If I do something like

static const my_struct_t aray[ my_enum_t ] = ... whatever ...;

my_enum_t index;

result = aray[ index ];

then the code produced by GDC is huge, full of calls to the runtime when the array is indexed. So it looks as if either the array is being treated as variable-length or as an associative array (hash table) or something, anyway far from a lightweight C-style array of fixed length with straightforward indexing. Since enums have a fixed cardinality and can't grow, and I have a modest sparse range of values (I'm not misusing the keyword enum just to defined a load of random constants) then I don't know why this happened.

I fixed the issue by changing the line to

static const my_struct_t aray[ my_enum_t.max + 1 ]

and as I understand it that will mean the value in the square brackets is just a known constant of integral type. Since the index is now not an enum at all, I now have an array indexed by an integer, so I have lost type checking, I could index it with any random integer typed variable rather than ensuring that only the correct (strong) type is used.

What should I be doing?

In the more general case, (silly example)
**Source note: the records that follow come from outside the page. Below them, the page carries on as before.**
(* Let $S\in\mathbb{R}^{n_\theta\times n_\theta}$, $F\in\mathbb{R}^{n_x\times n_\theta}$, and $\theta_0\in\mathbb{R}^{n_\theta}$ satisfy the standing assumptions in the context, with excited modes $v_1,\dots,v_{k_1+k_2}$ and eigenvalues $\lambda_1,\dots,\lambda_{k_1+k_2}$. Let $y_n$, $z_\ell$, $Z_\ell$, $Y_n$ and $w_j$ be as defined in the context. (i) For every $\ell\ge 0$, the vectors $z_0,z_1,\dots,z_\ell$ are pairwise orthogonal. Some of them may be the zero vector. (ii) Assume further that $\lambda_1,\dots,\lambda_{k_1+k_2}$ are pairwise distinct, and that $\lambda_i\neq 1$ for every $i=1,\dots,k_1$. Let $n\ge 1$ and let $m$ be an integer with $1\le m\le \min(n,k_1)$. Then $w_1,\dots,w_m$ are linearly independent. Here $w_1,\dots,w_m$ are the first $m$ columns of the matrix $[\,y_1,\ Y_n\,]$.
   Context: Standing assumptions: $S\in\mathbb{R}^{n_\theta\times n_\theta}$ and $F\in\mathbb{R}^{n_x\times n_\theta}$. $F^\dagger$ denotes the Moore–Penrose pseudoinverse, so that $F^\dagger F$ is the orthogonal projection onto $\mathcal{R}(F^\top)$. The initial vector $\theta_0\in\mathbb{R}^{n_\theta}$ can be written as $\theta_0=\sum_{i=1}^{k_1+k_2}\rho_i v_i$ with $\rho_i\in\mathbb{C}\setminus\{0\}$, where each $v_i\in\mathbb{C}^{n_\theta}$ is an eigenvector of $S$, i.e. $Sv_i=\lambda_i v_i$. The first $k_1$ of them lie in $\mathcal{R}(F^\top)$ (complexified), i.e. $F^\dagger F v_i=v_i$ for $i\le k_1$. The remaining $k_2$ lie in $\mathcal{R}(F^\top)^\perp$, i.e. $F^\dagger F v_i=0$ for $k_1<i\le k_1+k_2$. These $v_i$ are called the excited modes of $S$. Data: for $n\ge1$ let $y_n:=F^\dagger F\,S^{n-1}(S-I)\theta_0\in\mathbb{R}^{n_\theta}$. In the paper, $y_n=F^\dagger(\Delta x_n-\Delta f_n)$ is computed from state measurements, and the trapezoidal integration error is assumed to be zero, which gives this identity. Recursions: - Set $z_0:=y_1$ and $Z_0:=[z_0]$. - For $\ell\ge1$, set $z_\ell:=(I-Z_{\ell-1}Z_{\ell-1}^\dagger)\,y_{\ell+1}$, which is the orthogonal projection of $y_{\ell+1}$ onto $\mathcal{R}(Z_{\ell-1})^\perp$. Then set $Z_\ell:=[\,Z_{\ell-1},\ z_\ell\,]=[z_0,\dots,z_\ell]$. - Set $Y_2:=[\,y_2\,]$. For $n\ge3$, set $Y_n:=[\,Y_{n-1},\ y_n-Y_{n-1}Z_{n-3}^\dagger y_{n-1}\,]$. Finally define $w_1:=y_1$, $w_2:=y_2$, and for $j\ge3$ let $w_j:=y_j-Y_{j-1}Z_{j-3}^\dagger y_{j-1}$, the last column of $Y_j$. Thus $[\,y_1,\ Y_n\,]=[w_1,\dots,w_n]$. *)

From HB Require Import structures.
From mathcomp Require Import all_boot all_order all_algebra.
From mathcomp Require Import complex.
Set Implicit Arguments. Unset Strict Implicit. Unset Printing Implicit Defensive.
Import Order.TTheory GRing.Theory Num.Theory.
Local Open Scope ring_scope.

(* Moore--Penrose pseudoinverse, via the full-rank factorization
   A = col_base A *m row_base A (lemma mulmx_base):
   A^+ = B^T (B B^T)^-1 (C^T C)^-1 C^T  with C = col_base A, B = row_base A. *)
Definition pinv (R : fieldType) (m n : nat) (A : 'M[R]_(m, n)) : 'M[R]_(n, m) :=
  let C := col_base A in let B := row_base A in
  B^T *m invmx (B *m B^T) *m invmx (C^T *m C) *m C^T.

Definition colsmx (R : pzRingType) (n k : nat) (s : seq 'cV[R]_n) : 'M[R]_(n, k) :=
  \matrix_(i < n, j < k) (nth 0 s j) i 0.

Definition ydat (R : fieldType) (nx nt : nat) (S : 'M[R]_nt) (F : 'M[R]_(nx, nt))
  (theta0 : 'cV[R]_nt) (n : nat) : 'cV[R]_nt :=
  pinv F *m F *m (S ^+ n.-1 *m (S - 1%:M) *m theta0).

Section Recursions.
Variables (R : fieldType) (nt : nat) (y : nat -> 'cV[R]_nt).

(* zs l = [:: z_0; ...; z_l] *)
Fixpoint zs (l : nat) : seq 'cV[R]_nt :=
  match l with
  | 0 => [:: y 1%N]
  | l'.+1 => let s := zs l' in
      rcons s ((1%:M - colsmx l'.+1 s *m pinv (colsmx l'.+1 s)) *m y l'.+2)
  end.

Definition zvec (l : nat) : 'cV[R]_nt := nth 0 (zs l) l.
Definition Zmat (l : nat) : 'M[R]_(nt, l.+1) := colsmx l.+1 (zs l).

(* wseq n = [:: w_1; ...; w_n], the columns of [y_1, Y_n] *)
Fixpoint wseq (n : nat) : seq 'cV[R]_nt :=
  match n with
  | 0 => [::]
  | 1 => [:: y 1%N]
  | 2 => [:: y 1%N; y 2%N]
  | (k.+2 as p).+1 => let s := wseq p in
      (* Y_{k+2} = colsmx k.+1 (behead s), Z_k has k+1 columns *)
      rcons s (y p.+1 - colsmx k.+1 (behead s) *m pinv (Zmat k) *m y k.+2)
  end.

Definition Ymat (n : nat) : 'M[R]_(nt, n.-1) := colsmx n.-1 (behead (wseq n)).
Definition wvec (j : nat) : 'cV[R]_nt := nth 0 (wseq j) j.-1.

End Recursions.

From HB Require Import structures.
From mathcomp Require Import all_boot all_order all_algebra.
From mathcomp Require Import complex.
Import Order.TTheory GRing.Theory Num.Theory.
Local Open Scope ring_scope.
Set Implicit Arguments. Unset Strict Implicit. Unset Printing Implicit Defensive.

(* (i) [Z_l Z_l^+] is the orthogonal projector onto the column space of [Z_l],
   so the residual [z_(l+1) = (I - Z_l Z_l^+) y_(l+2)] is orthogonal to every
   column [z_0, ..., z_l] of [Z_l].
   (ii) Each [w_j] is [y_j] minus a combination of [w_1, ..., w_(j-1)], so it
   suffices that [y_(j+1)] is not in the span of [y_1, ..., y_j] for [j < k1].
   Over the complex numbers [y_(n+1) = sum_k lambda_k^n c_k v_k], where
   [c_k = rho_k (lambda_k - 1)] for the [k1] modes in [R(F^T)] and [c_k = 0]
   otherwise.  Since eigenvectors for distinct eigenvalues are independent, a
   relation [y_(j+1) = sum_(i < j) a_i y_(i+1)] makes the [k1 > j] distinct
   [lambda_k] roots of the monic degree-[j] polynomial [X^j - sum a_i X^i]. *)

Section PseudoInverse.
Variable R : realFieldType.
static const value_t aray[ bool ] = blah

for example, where I have an index type that is perfectly sensible semantically, but not just a typeless size_t/int/uint I presume I would get the same problem.

I wouldn't want to say that this is a compiler design problem. It's certainly a case of sub-optimal behaviour. But to be fair to the compiler what exactly is telling it whether the array is fixed-length or variable, and sparse or dense? I want two things; type checking of the index and non-variable length. Actually, in this particular case the array is const (I could have put immutable just as well) so it clearly can't be variable-length any way. But with an array that has modifiable content but is of fixed length you need to be able to declare that it is fixed-length.


Solution

  • V[K] name is the syntax for an associative array which does indeed do runtime calls and such, even when the type is limited to a small number of values like bool or an enum. The compiler probably could optimize that, making it act to the program like an AA while implementing it as a simple fixed-length array, but it doesn't; it treats all key types the same.

    I would suggest going with what you started: T[enum.max + 1], but then doing a wrapper if you want to force type safety. You can make the index overloads static if you only want one instance of it:

    enum Foo {
            one,
            two
    }
    
    struct struct_t {}
    
    struct array {
            static private struct_t[Foo.max + 1] content;
            static struct_t opIndex(Foo idx) { return content[cast(int) idx]; }     
    }
    
    void main() {
            struct_t a = array[Foo.one];
    }
    

    Then, you can just genericize that if you want simpler reuse.

    struct enum_array(Key, Value) {
            static private struct_t[Key.max + 1] content;
            static Value opIndex(Key idx) { return content[cast(int) idx]; }
    }
    
    alias array = enum_array!(Foo, struct_t);
    

    Or, of course, you don't need to make it static, you could do a regular instance too, and initialize the contents inside and such.